Hello All,
I am facing an issue while pulling data from SQL Database. It appears that the sequential document population which is based on an ID is sometimes out of the sequence... Let me explain it on an actual example.
My dataset contains around 25k of records. It has transnational data with transaction date as a tracking column. I'm using fingerprint to indicate the _id which is overwritten once the particular set of columns will occur. So here's the sample of my set:
Transaction Date | Status | Area | City | Street | Building |
---|---|---|---|---|---|
01.01.2019 10:00 | NEW | Manhattan | New York | Columbus Ave | 609 |
04.04.2019 12:00 | DELETE | Manhattan | New York | Columbus Ave | 609 |
For fingerprint, I'm using the combination of those columns: Area, City, Street, Building and this is what i have in my _id field.
Query:
SELECT
Transaction_date, Status, Area, City, Stree, Building
FROM
Buildings
WHERE Transaction_date >= :sql_last_value
ORDER BY Transaction_date ASC
I assume with this logic, only the latest record with 'DELETE' status should be visible in Elasticsearch. Yet, that's not the case. I tried to reload the entire set few times, and it's almost always 'NEW' that persists in my index. I tried to narrow it down to just those two using my query, and removed the tracking_column setup to see what happens if Logstash will reload the entire set each time, and the result is also mostrly 'NEW'. Sometimes 'DELETE' persist but usually after next pipieline run, it get's back to 'DELETE'.
Here's my config:
input {
jdbc {
jdbc_driver_library => "/usr/share/logstash/lib/drivers/sqljdbc42.jar"
jdbc_driver_class => "com.microsoft.sqlserver.jdbc.SQLServerDriver"

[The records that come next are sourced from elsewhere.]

(* Let $k>0$, let $Q\subset\mathbb{R}^2$ be a bounded open set with smooth boundary and connected exterior, let $\theta_1,\dots,\theta_N\in\mathbb{S}^1$, and let $u^\infty_{\theta_1},\dots,u^\infty_{\theta_N}\in L^2(\mathbb{S}^1)$ be given data. Let $R:L^2(\mathbb{S}^1)\to L^2(\mathbb{S}^1)$ be a bounded, self-adjoint, positive definite, invertible linear operator. Let $q_0\in L^2(Q)$ be an initial guess and $\{\alpha_i\}_{i\in\mathbb{N}_0}$ a sequence of positive regularization parameters. Define the Full data Levenberg–Marquardt (FLM) iterates by $q^{FLM}_0:=q_0$ and, for $i\in\mathbb{N}_0$, $$q^{FLM}_{i+1}=q^{FLM}_i+\Big(\alpha_i I+\vec{\mathcal{F}}'[q^{FLM}_i]^H R^{-1}\vec{\mathcal{F}}'[q^{FLM}_i]\Big)^{-1}\vec{\mathcal{F}}'[q^{FLM}_i]^H R^{-1}\Big(\vec u^\infty-\vec{\mathcal{F}}q^{FLM}_i\Big),$$ where $\vec u^\infty:=(u^\infty_{\theta_1},\dots,u^\infty_{\theta_N})$, $\vec{\mathcal{F}}q:=(\mathcal{F}_{\theta_1}q,\dots,\mathcal{F}_{\theta_N}q)$, $\vec{\mathcal{F}}'[q]m:=(\mathcal{F}'_{\theta_1}[q]m,\dots,\mathcal{F}'_{\theta_N}[q]m)$, and $R^{-1}$ acts componentwise on $L^2(\mathbb{S}^1)^N$. Define the Kalman filter Levenberg–Marquardt (KFL) iterates as follows: $q^{KFL}_{0,0}:=q_0$; for $i\ge 1$, $q^{KFL}_{i,0}:=q^{KFL}_{i-1,N}$; for every $i\in\mathbb{N}_0$, $B_{i,0}:=\frac{1}{\alpha_i}I$, and for $n=1,\dots,N$, $$K_{i,n}:=B_{i,n-1}\mathcal{F}'_{\theta_n}[q^{KFL}_{i,0}]^H\Big(R+\mathcal{F}'_{\theta_n}[q^{KFL}_{i,0}]B_{i,n-1}\mathcal{F}'_{\theta_n}[q^{KFL}_{i,0}]^H\Big)^{-1},$$ $$q^{KFL}_{i,n}:=q^{KFL}_{i,n-1}+K_{i,n}\Big(u^\infty_{\theta_n}-\mathcal{F}_{\theta_n}q^{KFL}_{i,0}+\mathcal{F}'_{\theta_n}[q^{KFL}_{i,0}]q^{KFL}_{i,0}-\mathcal{F}'_{\theta_n}[q^{KFL}_{i,0}]q^{KFL}_{i,n-1}\Big),$$ $$B_{i,n}:=\Big(I-K_{i,n}\mathcal{F}'_{\theta_n}[q^{KFL}_{i,0}]\Big)B_{i,n-1}.$$ Then, for all $i\in\mathbb{N}_0$ (with both iterations well defined, i.e. the relevant iterates lie in the domain where the Fréchet derivatives exist), $q^{KFL}_{i,N}=q^{FLM}_{i+1}$.
   Context: For an incident direction $\theta\in\mathbb{S}^1$, the plane wave is $u^{inc}(x,\theta)=e^{ikx\cdot\theta}$. For $q\in L^\infty(Q)$ (extended by zero outside $Q$), $u_q(\cdot,\theta)$ denotes the solution of the Lippmann–Schwinger equation $u(x,\theta)=u^{inc}(x,\theta)+k^2\int_Q q(y)u(y,\theta)\Phi(x,y)\,dy$, where $\Phi(x,y)=\frac{i}{4}H^{(1)}_0(k|x-y|)$ is the fundamental solution of the Helmholtz equation in $\mathbb{R}^2$. The far-field mapping is $\mathcal{F}_\theta q(\hat x):=\frac{k^2e^{i\pi/4}}{\sqrt{8\pi k}}\int_Q e^{-ik\hat x\cdot y}u_q(y,\theta)q(y)\,dy$, $\hat x\in\mathbb{S}^1$. On $L^\infty_+(Q):=\{q\in L^\infty(Q):\exists q_0>0,\ \mathrm{Im}\,q\ge q_0\text{ a.e. on }Q\}\subset L^2(Q)$, $\mathcal{F}_\theta$ is Fréchet differentiable as a map into $L^2(\mathbb{S}^1)$, with derivative $\mathcal{F}'_\theta[q]:L^2(Q)\to L^2(\mathbb{S}^1)$ given by $\mathcal{F}'_\theta[q]m=v^\infty_{q,m}$, the far-field pattern of the radiating solution $v$ of $\Delta v+k^2(1+q)v=-k^2 m\,u_q(\cdot,\theta)$ in $\mathbb{R}^2$. The superscript $H$ denotes the Hilbert-space adjoint with respect to the standard $L^2$ inner products of $L^2(Q)$, $L^2(\mathbb{S}^1)$ and $L^2(\mathbb{S}^1)^N$. *)

From HB Require Import structures.
From Stdlib Require Import ClassicalEpsilon.
From mathcomp Require Import all_boot all_order all_algebra.
Set Implicit Arguments. Unset Strict Implicit. Unset Printing Implicit Defensive.
Import Order.TTheory GRing.Theory Num.Theory.
Local Open Scope ring_scope.
(* Let $\mathbf H_\Lambda(0)$ and $\mathbf H_\Lambda(1)$ be quadratic and strictly positive Hamiltonians on $\mathcal F(\mathbb C^L)$, with associated real skew-symmetric matrices $A_\Lambda(0)$, $A_\Lambda(1)$. Then $j(\mathbf H_\Lambda(0))=j(\mathbf H_\Lambda(1))$ if and only if $\mathrm{Sf}_2(A_\Lambda(0),A_\Lambda(1))=1$.
   Context: $\mathcal F(\mathbb C^L)$ is the fermionic Fock space over $\Lambda=\{1,\dots,L\}$ with creation/annihilation operators ${\mathfrak a}_j^*,{\mathfrak a}_j$ satisfying the CAR. Fix $\theta\in\mathbb R$ and define Majorana operators ${\mathfrak b}_{2j-1}=e^{i\theta/2}{\mathfrak a}_j+e^{-i\theta/2}{\mathfrak a}_j^*$, ${\mathfrak b}_{2j}=-ie^{i\theta/2}{\mathfrak a}_j+ie^{-i\theta/2}{\mathfrak a}_j^*$, and the column vector ${\mathfrak b}=({\mathfrak b}_1,{\mathfrak b}_3,\dots,{\mathfrak b}_{2L-1},{\mathfrak b}_2,{\mathfrak b}_4,\dots,{\mathfrak b}_{2L})^t$. A quadratic Hamiltonian $\mathbf H_\Lambda=\sum_{j,k}h_{jk}{\mathfrak a}_j^*{\mathfrak a}_k+\tilde h_{jk}{\mathfrak a}_j{\mathfrak a}_k+\text{adjoint}$ can be written (up to an additive constant) as $\mathbf H_\Lambda=\frac i2{\mathfrak b}^tA_\Lambda{\mathfrak b}$ with a unique real skew-symmetric $2L\times2L$ matrix $A_\Lambda$. It is strictly positive if $A_\Lambda$ is invertible (equivalently, all single-particle energies $E_j$ in the normal form $VA_\Lambda V^*=\begin{pmatrix}0&E\\-E&0\end{pmatrix}$, $V$ orthogonal, $E=\mathrm{diag}(E_1,\dots,E_L)\ge0$, are strictly positive). Kitaev index: $j(\mathbf H_\Lambda)=\mathrm{sgn}\,\mathrm{Pf}(A_\Lambda)$. Finite-dimensional $\mathbb Z_2$-valued spectral flow: for invertible real skew-symmetric matrices $T_0,T_1$, choose an invertible real $M$ with $T_1=MT_0M^*$ and set $\mathrm{Sf}_2(T_0,T_1)=\mathrm{sgn}\det(M)$. *)

From HB Require Import structures.
From mathcomp Require Import all_boot all_order all_algebra .
From mathcomp Require Import fingroup perm.
From mathcomp Require Import reals.
From Stdlib Require Import ClassicalEpsilon.
Set Implicit Arguments. Unset Strict Implicit. Unset Printing Implicit Defensive.
Import Order.TTheory GRing.Theory Num.Theory.
Local Open Scope ring_scope.

Definition ord_succ (m : nat) (i : 'I_m) : 'I_m := insubd i i.+1.

(* Pfaffian of an (m x m) matrix, m = 2n, indices paired as (0,1),(2,3),...:
   Pf A = 1/(2^n n!) * sum_{s in S_2n} sgn(s) prod_{i<n} A_{s(2i), s(2i+1)} *)
Definition pfaffian (R : comUnitRingType) (m : nat) (A : 'M[R]_m) : R :=
  (\sum_(s : 'S_m) (-1) ^+ s *
     \prod_(i < m | ~~ odd i) A (s i) (s (ord_succ i)))
  / ((2 ^ (m./2))%N%:R * ((m./2)`!)%:R).

Definition skew_sym (R : realType) (m : nat) (A : 'M[R]_m) : Prop := A^T = - A.

(* strict positivity of the quadratic Hamiltonian H = (i/2) b^t A b *)
Definition strictly_positive (R : realType) (m : nat) (A : 'M[R]_m) : Prop :=
  A \in unitmx.

Definition kitaev_index (R : realType) (m : nat) (A : 'M[R]_m) : R :=
  Num.sg (pfaffian A).

Definition Sf2 (R : realType) (m : nat) (T0 T1 : 'M[R]_m) : R :=
  Num.sg (\det (epsilon (inhabits (0 : 'M[R]_m))
     (fun M => M \in unitmx /\ T1 = M *m T0 *m M^T))).
(* Let $k\ge 1$ and let $G$ be a $k$-symmetric graph on $n>k$ vertices. Then $2^{\binom{k}{2}}$ divides $\binom{n}{k}$.
   Context: All graphs are finite and simple. For a graph $G$ on $n$ vertices and a graph $H$ on $k$ vertices, the density $t(H,G)$ is the number of $k$-element subsets $S\subseteq V(G)$ whose induced subgraph $G[S]$ is isomorphic to $H$, divided by $\binom{n}{k}$ (and $t(H,G)=0$ if $n<k$). A graph $G$ with $n\ge k$ vertices is called $k$-symmetric if for every graph $H$ on $k$ vertices, $t(H,G)$ equals the probability that the uniformly random labelled graph on vertex set $\{1,\dots,k\}$ (each of the $\binom{k}{2}$ possible edges present independently with probability $1/2$) is isomorphic to $H$; graphs with fewer than $k$ vertices are considered trivially $k$-symmetric. *)

From HB Require Import structures.
From mathcomp Require Import all_boot all_order all_algebra all_fingroup.
Set Implicit Arguments. Unset Strict Implicit. Unset Printing Implicit Defensive.
Import GRing.Theory Num.Theory.

(* A simple graph G on a finite vertex type T is given by an edge relation
   e : rel T, assumed symmetric and irreflexive. *)

Definition is_lgraph (k : nat) (g : {ffun 'I_k * 'I_k -> bool}) : bool :=
  [forall i, ~~ g (i, i)] && [forall i, forall j, g (i, j) == g (j, i)].

Definition lgraph_iso (k : nat) (g h : {ffun 'I_k * 'I_k -> bool}) : bool :=
  [exists s : {perm 'I_k}, [forall i, forall j, g (i, j) == h (s i, s j)]].

Definition induced_iso (T : finType) (e : rel T) (S : {set T}) (k : nat)
    (g : {ffun 'I_k * 'I_k -> bool}) : bool :=
  [exists f : {ffun 'I_k -> T},
     [&& injectiveb f, f @: [set: 'I_k] == S &
         [forall i, forall j, e (f i) (f j) == g (i, j)]]].

Definition density (T : finType) (e : rel T) (k : nat)
    (g : {ffun 'I_k * 'I_k -> bool}) : rat :=
  if #|T| < k then 0%R
  else (#|[set S : {set T} | (#|S| == k) && induced_iso e S g]|%:R
        / ('C(#|T|, k))%:R)%R.

(* probability that the uniform random labelled graph G(k,1/2) on 'I_k is
   isomorphic to g: each labelled graph has probability 2^-(k choose 2). *)
Definition rand_prob (k : nat) (g : {ffun 'I_k * 'I_k -> bool}) : rat :=
  (#|[set h : {ffun 'I_k * 'I_k -> bool} | is_lgraph h && lgraph_iso h g]|%:R
   / (2 ^ 'C(k, 2))%:R)%R.

Definition k_symmetric (T : finType) (e : rel T) (k : nat) : Prop :=
  #|T| < k \/
  forall g : {ffun 'I_k * 'I_k -> bool}, is_lgraph g -> density e g = rand_prob g.

From mathcomp Require Import all_boot all_order all_algebra all_fingroup.
Set Implicit Arguments. Unset Strict Implicit. Unset Printing Implicit Defensive.
Import GRing.Theory Num.Theory.

(* Only the complete graph K_k is needed: it is the unique labelled graph in
   its isomorphism class, so rand_prob K_k = 2^-(k choose 2), while
   density K_k = N / (n choose k) for the number N of k-cliques.  Equating
   the two gives (n choose k) = N * 2^(k choose 2). *)

Definition induced_copies (T : finType) (e : rel T) (k : nat)
    (g : {ffun 'I_k * 'I_k -> bool}) : {set {set T}} :=
  [set S : {set T} | (#|S| == k) && induced_iso e S g].

Definition iso_class (k : nat) (g : {ffun 'I_k * 'I_k -> bool}) :
    {set {ffun 'I_k * 'I_k -> bool}} :=
  [set h | is_lgraph h && lgraph_iso h g].

Lemma density_eq_rand_prob_binomial (T : finType) (e : rel T) (k : nat)
    (g : {ffun 'I_k * 'I_k -> bool}) :
  k <= #|T| -> density e g = rand_prob g ->
  'C(#|T|, k) * #|iso_class g| = #|induced_copies e g| * 2 ^ 'C(k, 2).
Proof.
move=> le_kT; rewrite /density /rand_prob ltnNge le_kT /= => /eqP E.
have binT_neq0 : ('C(#|T|, k)%:R != 0 :> rat)%R by rewrite pnatr_eq0 -lt0n bin_gt0.
have pow2_neq0 : ((2 ^ 'C(k, 2))%:R != 0 :> rat)%R by rewrite pnatr_eq0 expn_eq0.
by apply/eqP; rewrite -(eqr_nat rat) !natrM mulrC eq_sym -eqr_div.
Qed.

Definition complete_lgraph (k : nat) : {ffun 'I_k * 'I_k -> bool} :=
  [ffun p => p.1 != p.2].

Lemma complete_lgraph_is_lgraph (k : nat) : is_lgraph (complete_lgraph k).
Proof.
apply/andP; split; apply/forallP => i.
  by rewrite ffunE /= eqxx.
by apply/forallP => j; rewrite !ffunE /= (eq_sym i j).
Qed.

Lemma lgraph_iso_complete (k : nat) (h : {ffun 'I_k * 'I_k -> bool}) :
  lgraph_iso h (complete_lgraph k) = (h == complete_lgraph k).
Proof.
apply/idP/eqP => [/existsP [s /forallP iso_s] | ->].
  apply/ffunP => -[i j]; move/forallP/(_ j)/eqP: (iso_s i) ->.
  by rewrite !ffunE /= (inj_eq perm_inj).
by apply/existsP; exists 1%g; apply/forallP => i; apply/forallP => j; rewrite !perm1.
Qed.

Lemma iso_class_complete (k : nat) : iso_class (complete_lgraph k) = [set complete_lgraph k].
Proof.
apply/setP => h; rewrite !inE lgraph_iso_complete.
by case: eqP => [->|_]; rewrite ?complete_lgraph_is_lgraph ?andbF.
Qed.

Theorem mainTheorem4 (T : finType) (e : rel T) (e_sym : symmetric e)
    (e_irr : irreflexive e) (k : nat) (hk : 1 <= k) (hn : k < #|T|)
    (hsym : k_symmetric e k) :
  2 ^ 'C(k, 2) %| 'C(#|T|, k).
Proof.
case: hsym => [|sym_e]; first by rewrite ltnNge ltnW.
have := density_eq_rand_prob_binomial (ltnW hn)
  (sym_e _ (complete_lgraph_is_lgraph k)).
rewrite iso_class_complete cards1 muln1 => ->.
exact: dvdn_mull.
Qed.
(* Every injective probabilistic metric space (i.e. injective $\Delta$-category) is exponentiable in $\mathsf{Cat}(\Delta)$; in particular the $\Delta$-category $(\Delta,\hom)$ is exponentiable in $\mathsf{Cat}(\Delta)$. Furthermore, the full subcategory of $\mathsf{Cat}(\Delta)$ consisting of all injective $\Delta$-categories is Cartesian closed.
   Context: $\Delta$ is the set of monotone maps $f:[0,\infty]\to[0,1]$ that are left continuous ($f(x)=\bigvee_{y<x}f(y)$), ordered pointwise; it is a quantale with $(f\otimes g)(t)=\bigvee_{r+s\le t}f(r)\cdot g(s)$ and neutral element $\varepsilon$ given by $\varepsilon(0)=0$, $\varepsilon(t)=1$ for $t>0$; $\hom(f,-)$ is the right adjoint of $f\otimes-$. A $\Delta$-category $(X,a)$ is a set with $a:X\times X\to\Delta$ such that $\varepsilon\le a(x,x)$ and $a(x,y)\otimes a(y,z)\le a(x,z)$; a $\Delta$-functor $f:(X,a)\to(Y,b)$ is a map with $a(x,y)\le b(f(x),f(y))$; these form $\mathsf{Cat}(\Delta)$. Fully faithful means $a(x,y)=b(f(x),f(y))$. Products in $\mathsf{Cat}(\Delta)$ have structure $a(x,x')\wedge b(y,y')$. For $\Delta$-functors $f,g:X\to Y$, $f\simeq g$ means $\varepsilon\le b(f(x),g(x))$ and $\varepsilon\le b(g(x),f(x))$ for all $x$. A $\Delta$-category $X$ is injective if for every fully faithful $i:A\to B$ and every $f:A\to X$ there is $g:B\to X$ with $g\cdot i\simeq f$. $X$ is exponentiable if $X\times-$ has a right adjoint. *)

From HB Require Import structures.
From mathcomp Require Import all_boot all_order all_algebra.
From mathcomp Require Import boolp classical_sets reals.
Set Implicit Arguments. Unset Strict Implicit. Unset Printing Implicit Defensive.
Import Order.TTheory GRing.Theory Num.Theory.
Local Open Scope classical_set_scope.
Local Open Scope ring_scope.

Section Delta.
Variable R : realType.

(* An element of Delta is represented by its restriction to [0, oo), extended
   by 0 on the negative reals (f(0) = 0 is forced by left continuity, and the
   value at +oo is forced to be the sup of the finite values). *)
Definition isDelta (f : R -> R) : Prop :=
  [/\ (forall x, x <= 0 -> f x = 0),
      (forall x, 0 <= f x <= 1),
      (forall x y, x <= y -> f x <= f y) &
      (forall x, 0 < x -> f x = sup [set f y | y in [set y | y < x]])].

Definition dle (f g : R -> R) : Prop := forall t, 0 <= t -> f t <= g t.
Definition deq (f g : R -> R) : Prop := forall t, 0 <= t -> f t = g t.

Definition eps : R -> R := fun t => if t <= 0 then 0 else 1.

Definition tensor (f g : R -> R) : R -> R := fun t =>
  sup [set x | exists r s, [/\ 0 <= r, 0 <= s, r + s <= t & x = f r * g s]].

(* hom(f,-), the right adjoint of f (x) - : the join of all h in Delta
   with f (x) h <= g *)
Definition homD (f g : R -> R) : R -> R := fun t =>
  sup [set x | exists h, [/\ isDelta h, dle (tensor f h) g & x = h t]].

Record DStruct := DStr { car : Type; dist : car -> car -> R -> R }.
Arguments dist : clear implicits.

Definition isDCat (X : DStruct) : Prop :=
  [/\ (forall x y, isDelta (dist X x y)),
      (forall x, dle eps (dist X x x)) &
      (forall x y z, dle (tensor (dist X x y) (dist X y z)) (dist X x z))].

Definition functor (X Y : DStruct) (f : car X -> car Y) : Prop :=
  forall x x', dle (dist X x x') (dist Y (f x) (f x')).

Definition fully_faithful (X Y : DStruct) (f : car X -> car Y) : Prop :=
  forall x x', deq (dist X x x') (dist Y (f x) (f x')).

Definition meq (X Y : DStruct) (f g : car X -> car Y) : Prop :=
  forall x, f x = g x.

Definition fiso (X Y : DStruct) (f g : car X -> car Y) : Prop :=
  forall x, dle eps (dist Y (f x) (g x)) /\ dle eps (dist Y (g x) (f x)).

Definition dinjective (X : DStruct) : Prop :=
  forall (A B : DStruct) (i : car A -> car B), isDCat A -> isDCat B ->
    functor i -> fully_faithful i ->
    forall f : car A -> car X, functor f ->
      exists g : car B -> car X, functor g /\ fiso (g \o i) f.

Definition terminal_in (S : DStruct -> Prop) (T : DStruct) : Prop :=
  S T /\ forall Z, S Z ->
    (exists f : car Z -> car T, functor f) /\
    (forall f g : car Z -> car T, functor f -> functor g -> meq f g).

Definition product_in (S : DStruct -> Prop) (X Y P : DStruct)
  (p1 : car P -> car X) (p2 : car P -> car Y) : Prop :=
  [/\ S P, functor p1, functor p2 &
    forall Z, S Z -> forall (f1 : car Z -> car X) (f2 : car Z -> car Y),
      functor f1 -> functor f2 ->
      (exists h : car Z -> car P, [/\ functor h, meq (p1 \o h) f1 & meq (p2 \o h) f2]) /\
      (forall h h' : car Z -> car P, functor h -> functor h' ->
         meq (p1 \o h) f1 -> meq (p2 \o h) f2 ->
         meq (p1 \o h') f1 -> meq (p2 \o h') f2 -> meq h h')].

(* g : Z -> E and a morphism h : Q -> P between products Q = X x Z, P = X x E
   realise "1_X x g", i.e. p1 h = q1 and p2 h = g q2 *)
Definition is_idx (X Z E P Q : DStruct)
  (p1 : car P -> car X) (p2 : car P -> car E)
  (q1 : car Q -> car X) (q2 : car Q -> car Z)
  (g : car Z -> car E) (h : car Q -> car P) : Prop :=
  [/\ functor h, meq (p1 \o h) q1 & meq (p2 \o h) (g \o q2)].

(* X x - has a right adjoint in S, expressed through exponential objects
   (universal arrows from X x - to each Y), for arbitrary product cones. *)
Definition exponentiable_in (S : DStruct -> Prop) (X : DStruct) : Prop :=
  forall Y, S Y ->
  exists (E P : DStruct) (p1 : car P -> car X) (p2 : car P -> car E)
         (ev : car P -> car Y),
    [/\ S E, @product_in S X E P p1 p2, functor ev &
      forall Z, S Z ->
      forall (Q : DStruct) (q1 : car Q -> car X) (q2 : car Q -> car Z),
        @product_in S X Z Q q1 q2 ->
        forall f : car Q -> car Y, functor f ->
          (exists g : car Z -> car E, functor g /\
             exists h, is_idx p1 p2 q1 q2 g h /\ meq (ev \o h) f) /\
          (forall g g' : car Z -> car E, functor g -> functor g' ->
             (exists h, is_idx p1 p2 q1 q2 g h /\ meq (ev \o h) f) ->
             (exists h', is_idx p1 p2 q1 q2 g' h' /\ meq (ev \o h') f) ->
             meq g g')].

Definition exponentiable (X : DStruct) : Prop := exponentiable_in isDCat X.

Definition cartesian_closed (S : DStruct -> Prop) : Prop :=
  [/\ (exists T, terminal_in S T),
      (forall X Y, S X -> S Y -> exists P p1 p2, @product_in S X Y P p1 p2) &
      (forall X, S X -> exponentiable_in S X)].

Definition InjCat (X : DStruct) : Prop := isDCat X /\ dinjective X.

Definition DeltaSet : Type := {f : R -> R | isDelta f}.
Definition DeltaCat : DStruct :=
  @DStr DeltaSet (fun f g => homD (proj1_sig f) (proj1_sig g)).

End Delta.
Arguments dist {R}.

(* The exponential [Y^X] is the Delta-category of Delta-functors [X -> Y] with
   [d(phi, psi)] the largest [w] such that [w /\ d(x, x') <= d(phi x, psi x')];
   currying gives its universal property once it is a Delta-category, and the
   only nontrivial axiom is transitivity.  Given bounds [u] for [(phi, psi)] and
   [v] for [(psi, chi)], points [x0, x2] and a split [r + s < t], adjoin to [X] a
   formal point at distances [u r] after [x0] and [v s] before [x2]; if [X] is
   injective this point is realised by some [x1] in [X], and the triangle through
   [psi x1] shows that [u (x) v] bounds [(phi, chi)].  Injectivity passes to
   products and to [Y^X] (extending along [i] in [Y^X] is extending along
   [X x i] in [Y]), [(Delta, hom)] is injective by left Kan extension, and the
   one-point space is injective and terminal. *)

From Pilot Require Import Defs.
From HB Require Import structures.
From mathcomp Require Import all_boot all_order all_algebra.
From mathcomp Require Import boolp classical_sets reals.
From mathcomp Require Import lra.
Set Implicit Arguments. Unset Strict Implicit. Unset Printing Implicit Defensive.
Import Order.TTheory GRing.Theory Num.Theory.
Local Open Scope classical_set_scope.
Local Open Scope ring_scope.
(* The lower dyadic step functions f_n of f (the infimum of f on each dyadic
   interval of length 2^-n in (-n, n], zero elsewhere) lie in L and increase to f.
   On K, the band projection onto (X - t)^+ is the indicator of the clopen set
   G_t = closure {X > t}, so A_t = 1 off G_t, A_oo = 1 and A_-oo = 0. Hence at a
   point w, seen from finitely many intervals, mu_A is a Dirac mass at a real y
   that can be taken close to X(w), or of large modulus when X(w) = +-oo; then
   I(f_n)(w) = f_n(y) <= f(y), which is close to (f o X)(w). At the finite local
   maxima of X, which are dense, y = X(w) itself works, so a continuous upper
   bound of the I(f_n) dominates f o X on a dense set, hence everywhere. *)

From mathcomp Require Import all_boot all_order all_algebra.
From mathcomp Require Import all_classical all_reals all_analysis.
From mathcomp Require Import ring lra zify.
Set Implicit Arguments. Unset Strict Implicit. Unset Printing Implicit Defensive.
Import Order.TTheory GRing.Theory Num.Theory.
Import numFieldTopology.Exports numFieldNormedType.Exports.
Local Open Scope classical_set_scope.
Local Open Scope ring_scope.

Section RealFacts.
Variable R : realType.

Lemma ereal_lt_dense_fin (x y : \bar R) :
  (x < y)%E -> exists c : R, (x < c%:E < y)%E.
Proof.
case: x => [r||]; case: y => [s||] //=.
- rewrite lte_fin => rs; exists ((r + s) / 2); rewrite !lte_fin.
  by apply/andP; split; rewrite midf_lt.
- by move=> _; exists (r + 1); rewrite !lte_fin ltrDl ltr01 ltry.
- by move=> _; exists (s - 1); rewrite ltNyr lte_fin gtrDl oppr_lt0 ltr01.
- by move=> _; exists 0; rewrite ltNyr ltry.
Qed.

Lemma nondecreasing_le_cvg (u : nat -> R) l :
  {homo u : n m / (n <= m)%N >-> n <= m} -> u @ \oo --> l -> forall n, u n <= l.
Proof.
move=> hu hc n; have := nondecreasing_cvgn_le hu (cvgP _ hc) n.
by rewrite (cvg_lim _ hc).
Qed.

Lemma cvg_le_ub (u : nat -> R) l b :
  u @ \oo --> l -> (forall n, u n <= b) -> l <= b.
Proof.
move=> hc hb; rewrite -(cvg_lim _ hc) //.
by apply: limr_le; [exact: cvgP hc | exact: nearW].
Qed.

Lemma exists_gap_right (ts : seq R) (x eta : R) : 0 < eta ->
  exists y, [/\ x < y, y < x + eta & forall t, t \in ts -> ~ (x < t < y)].
Proof.
move=> e0; elim: ts => [|t ts [y [xy yx h]]].
  exists (x + eta / 2); split => //; first by rewrite ltrDl divr_gt0.
  by rewrite ltrD2l ltr_pdivrMr // ltr_pMr // ltr1n.
case: (boolP (x < t < y)) => [/andP[xt ty]|nt].
  exists t; split => //; first exact: lt_trans ty yx.
  move=> t'; rewrite inE => /orP[/eqP -> /andP[_]|/h ht' /andP[a b]]; first by rewrite ltxx.
  by apply: ht'; rewrite a (lt_trans b ty).
exists y; split => // t'; rewrite inE => /orP[/eqP -> hh|/h //].
by rewrite hh in nt.
Qed.

Lemma exists_gt_seq (ts : seq R) (M : R) :
  exists y, M < y /\ forall t, t \in ts -> t < y.
Proof.
elim: ts => [|t ts [y [My h]]]; first by exists (M + 1); rewrite ltrDl.
exists (Num.max y (t + 1)); split; first by rewrite lt_max My.
move=> t'; rewrite inE => /orP[/eqP ->|/h ht']; rewrite lt_max ?ltrDl ?ltr01 ?orbT //.
by rewrite ht'.
Qed.

Lemma exists_lt_seq (ts : seq R) (M : R) :
  exists y, y < M /\ forall t, t \in ts -> y < t.
Proof.
have [y [My h]] := exists_gt_seq (map -%R ts) (- M).
exists (- y); split; first by rewrite ltrNl.
by move=> t ht; rewrite ltrNl; apply: h; exact: map_f.
Qed.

jdbc_connection_string => "jdbc:sqlserver://sql:1433"
jdbc_user => "user"
jdbc_password => "password"
schedule => "*/5 * * * *"
statement_filepath => "/etc/logstash/conf.d/queries/buildings.sql"
use_column_value => true
tracking_column_type => "timestamp"
tracking_column => "transaction_date"
last_run_metadata_path => "/usr/share/logstash/last_run_metadata/.buildings"
record_last_run => true
}
}
filter {
mutate {
add_field => {"fingerprint" => "%{area}_%{city}_%{street}_%{building}"}
}
fingerprint {
source => "fingerprint"
target => "[@metadata][fingerprint]"
method => "MURMUR3"
}
}
output {
elasticsearch {
hosts => ["elastic:9200"]
index => "buildings"
document_id => "%{[@metadata][fingerprint]}"
}
}